# New Defy advanced 0 what does it take to make ride sense work?



## jackmen (Jul 24, 2007)

*Defy adv. 0 what makes ride sense work?*

I am just receiving a new 2014 Giant Defy Advanced 0 and It comes with ride sense. I didn't get it with the stock wheels and am getting it without any wheels, (getting my own CARBON CLINCHERS). Does this require a magnet to work or maybe two magnets on wheel spoke and and Pedal arm?

The bikes on its way to me so I'm asking what I will need to make it work. Also will the ride sense transmit to my Garmin 500 ? Would be nice if it would.


----------



## Hoologan (Oct 23, 2014)

It requires said magnets and is compatible with anything that will support ANT+ (including the 500).

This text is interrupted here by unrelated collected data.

(* There is a constant $C$ such that every path restricted ordered bipartite graph $G=(U,V,E)$ with $n=|U|+|V|\ge 2$ vertices satisfies $|E|\le n\log_2 n + Cn$. Moreover, this bound is tight up to the constant factor: there is a constant $c>0$ such that for every $n\ge 2$ there exists a path restricted ordered bipartite graph on $n$ vertices with at least $c\,n\log n$ edges.
   Context: An ordered bipartite graph is a triple $G=(U,V,E)$ where $U$ and $V$ are disjoint finite sets, each equipped with a total order (both denoted $<$), and $E\subseteq U\times V$ is a set of edges. A forward path in $G$ is a sequence $w_0,w_1,\dots,w_m$ ($m\ge1$) of distinct vertices alternating between $U$ and $V$, with $\{w_{k-1},w_k\}\in E$ for all $k$, such that the vertices of the sequence lying in $U$ appear in strictly increasing order along the sequence and the vertices lying in $V$ also appear in strictly increasing order along the sequence (a path whose $U$-vertices and $V$-vertices are both strictly decreasing is the same path read in reverse). The range of the forward path is the pair of intervals $\langle u_a,u_b\rangle=\{u\in U: u_a\le u\le u_b\}$ and $\langle v_c,v_d\rangle=\{v\in V: v_c\le v\le v_d\}$, where $u_a,u_b$ (resp. $v_c,v_d$) are the smallest and largest $U$-vertices (resp. $V$-vertices) on the path. A back edge to such a forward path is an edge $\{w_0,x\}\in E$ where $x$ lies in the part ($U$ or $V$) not containing $w_0$ and $w_1 < x \le M$, with $M$ the largest vertex of the path in that part (so $x$ lies in the range of the path). $G$ has the path restricted property, and is called a path restricted ordered bipartite graph (PRBG), if no forward path in $G$ has a back edge in $E$. *)

From mathcomp Require Import all_boot.
From Stdlib Require Import Reals.
Set Implicit Arguments. Unset Strict Implicit. Unset Printing Implicit Defensive.
(* Let $\mathbf C$ be an admissible category of lattices. Then the functor $\mathbb P:\mathbf{Conv}\to(\mathbf C^{\mathrm{conv}})^{op}$ is left adjoint to the functor $\mathrm{pt}:(\mathbf C^{\mathrm{conv}})^{op}\to\mathbf{Conv}$; that is, $\mathbb P\dashv\mathrm{pt}$ is an adjunction between $\mathbf{Conv}$ and $(\mathbf C^{\mathrm{conv}})^{op}$.
   Context: An inf-semilattice is a poset with all finite infima (including a top element $\top$). A filter on an inf-semilattice $L$ is a non-empty upward-closed subset of $L$ closed under binary meets; $L$ itself counts as a filter. $\mathbb F L$ is the set of filters on $L$, ordered by inclusion. For a set $X$, $\mathbb P(X)$ is its powerset ordered by inclusion; filters on $\mathbb P(X)$ are called filters of subsets of $X$. Let $\mathbf C$ be a category whose objects are inf-semilattices. A convergence $\mathbf C$-object is a pair $(L,\lim_L)$ where $L$ is a $\mathbf C$-object and $\lim_L:\mathbb F L\to L$ is monotone. The category $\mathbf C^{\mathrm{conv}}$ has these as objects; its morphisms $\varphi:L\to L'$ are the $\mathbf C$-morphisms that are continuous: $\lim_{L'}\mathcal F\le\varphi(\lim_L\varphi^{-1}(\mathcal F))$ for every $\mathcal F\in\mathbb F L'$. $\mathbf C$ is a category of lattices if all its objects are lattices and all its morphisms preserve finite suprema and finite infima. $\mathbf C$ is admissible if $\mathbb P(X)$ is a $\mathbf C$-object for every set $X$, and there are two classes of index sets $\mathcal I,\mathcal J$ such that for all $\mathbf C$-objects $L,L'$ the $\mathbf C$-morphisms $L\to L'$ are exactly the monotone maps preserving all $I$-indexed infima existing in $L$ ($I\in\mathcal I$) and all $J$-indexed suprema existing in $L$ ($J\in\mathcal J$). A convergence space is a set $X$ with a relation $\to$ between filters of subsets of $X$ and points of $X$ such that $\dot x\to x$ for all $x$, where $\dot x=\{S\subseteq X: x\in S\}$, and $\mathcal F\to x$, $\mathcal F\subseteq\mathcal G$ imply $\mathcal G\to x$. A map $f:X\to Y$ is continuous if $\mathcal F\to x$ implies $f[\mathcal F]\to f(x)$, where $f[\mathcal F]=\{B\subseteq Y: f^{-1}(B)\in\mathcal F\}$. These form the category $\mathbf{Conv}$. The functor $\mathbb P$ sends a convergence space $X$ to $(\mathbb P(X),\lim_{\mathbb P(X)})$ with $\lim_{\mathbb P(X)}\mathcal F=\{x\in X:\mathcal F\to x\}$, and a continuous map $f$ to $f^{-1}$. Points: let $1=\{*\}$ and $\mathbb P(1)=\{\emptyset,1\}$ with $\lim_{\mathbb P(1)}$ constantly equal to $1$. For a convergence $\mathbf C$-object $L$, $\mathrm{pt}\,L$ is the set of morphisms $L\to\mathbb P(1)$ in $\mathbf C^{\mathrm{conv}}$. For $\ell\in L$ let $\ell^\bullet=\{\varphi\in\mathrm{pt}\,L:\varphi(\ell)=1\}$; for a filter $\mathcal F$ of subsets of $\mathrm{pt}\,L$ let $\mathcal F^\circ=\{\ell\in L:\ell^\bullet\in\mathcal F\}$. The convergence on $\mathrm{pt}\,L$ is: $\mathcal F\to\varphi$ iff $\varphi\in(\lim_L\mathcal F^\circ)^\bullet$. On a morphism $\varphi:L\to L'$ of $\mathbf C^{\mathrm{conv}}$, $\mathrm{pt}\,\varphi:\mathrm{pt}\,L'\to\mathrm{pt}\,L$ is $\psi\mapsto\psi\circ\varphi$. *)

Set Implicit Arguments.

I'm waiting for my Advanced 2 and I had the same questions as you. Google answered them right away.


----------



## ljvb (Dec 10, 2014)

I just picked up an Advanced Pro 0 (2015) with Ridesense. It is exactly the same as any other ant+ sensor for speed/cadence, just built into the frame. It still requires a magnet on the wheel and crank arm.. The parts come in a box with the bike (your bike store will probably be able to help), and have a number of mounting options for the magnets. You should be fine.


----------